- **SOURCE RECORDS**
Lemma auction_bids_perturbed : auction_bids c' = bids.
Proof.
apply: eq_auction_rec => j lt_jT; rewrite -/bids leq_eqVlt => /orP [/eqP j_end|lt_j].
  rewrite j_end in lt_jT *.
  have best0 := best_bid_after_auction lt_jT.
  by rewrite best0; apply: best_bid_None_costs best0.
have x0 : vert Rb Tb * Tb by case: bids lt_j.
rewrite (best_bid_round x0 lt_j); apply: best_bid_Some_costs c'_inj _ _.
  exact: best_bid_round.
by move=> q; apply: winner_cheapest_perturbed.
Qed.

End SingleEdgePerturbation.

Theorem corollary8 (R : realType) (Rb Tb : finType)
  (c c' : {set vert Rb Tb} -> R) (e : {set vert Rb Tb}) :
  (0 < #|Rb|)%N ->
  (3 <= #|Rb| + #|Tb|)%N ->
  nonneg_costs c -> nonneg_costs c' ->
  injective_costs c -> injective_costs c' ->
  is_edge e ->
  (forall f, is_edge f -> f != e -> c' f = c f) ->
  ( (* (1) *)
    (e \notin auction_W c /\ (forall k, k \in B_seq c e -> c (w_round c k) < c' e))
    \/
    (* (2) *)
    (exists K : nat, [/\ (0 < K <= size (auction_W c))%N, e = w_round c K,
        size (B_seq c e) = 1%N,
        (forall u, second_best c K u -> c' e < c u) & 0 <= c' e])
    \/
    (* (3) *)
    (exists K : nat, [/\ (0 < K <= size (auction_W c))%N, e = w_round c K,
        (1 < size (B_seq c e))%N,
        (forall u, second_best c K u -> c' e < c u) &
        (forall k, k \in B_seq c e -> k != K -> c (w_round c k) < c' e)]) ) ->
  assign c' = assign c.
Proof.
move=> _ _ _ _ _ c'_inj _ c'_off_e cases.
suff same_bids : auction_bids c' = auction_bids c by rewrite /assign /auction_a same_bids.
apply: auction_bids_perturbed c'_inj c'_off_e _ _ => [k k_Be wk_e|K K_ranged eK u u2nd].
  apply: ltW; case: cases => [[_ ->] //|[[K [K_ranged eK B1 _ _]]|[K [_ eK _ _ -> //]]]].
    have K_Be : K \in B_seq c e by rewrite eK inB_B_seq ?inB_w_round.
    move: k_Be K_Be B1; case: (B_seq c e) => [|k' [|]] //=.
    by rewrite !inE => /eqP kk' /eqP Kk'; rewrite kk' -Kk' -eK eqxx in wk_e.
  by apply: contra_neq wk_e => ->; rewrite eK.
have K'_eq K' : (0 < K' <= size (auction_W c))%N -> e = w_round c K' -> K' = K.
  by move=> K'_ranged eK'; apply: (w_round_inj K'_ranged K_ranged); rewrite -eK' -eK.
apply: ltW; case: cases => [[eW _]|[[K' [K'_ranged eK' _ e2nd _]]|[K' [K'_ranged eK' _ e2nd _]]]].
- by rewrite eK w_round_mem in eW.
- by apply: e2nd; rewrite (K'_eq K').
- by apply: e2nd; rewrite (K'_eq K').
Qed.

- **WORK TASK**
Beginning at the line with "exact: best_bid_round." and stopping after the line with "(forall f, is_edge", please write out every line of the data above exactly and nothing else.

- **SOLUTION TO THIS EXERCISE**
  exact: best_bid_round.
by move=> q; apply: winner_cheapest_perturbed.
Qed.

End SingleEdgePerturbation.

Theorem corollary8 (R : realType) (Rb Tb : finType)
  (c c' : {set vert Rb Tb} -> R) (e : {set vert Rb Tb}) :
  (0 < #|Rb|)%N ->
  (3 <= #|Rb| + #|Tb|)%N ->
  nonneg_costs c -> nonneg_costs c' ->
  injective_costs c -> injective_costs c' ->
  is_edge e ->
  (forall f, is_edge f -> f != e -> c' f = c f) ->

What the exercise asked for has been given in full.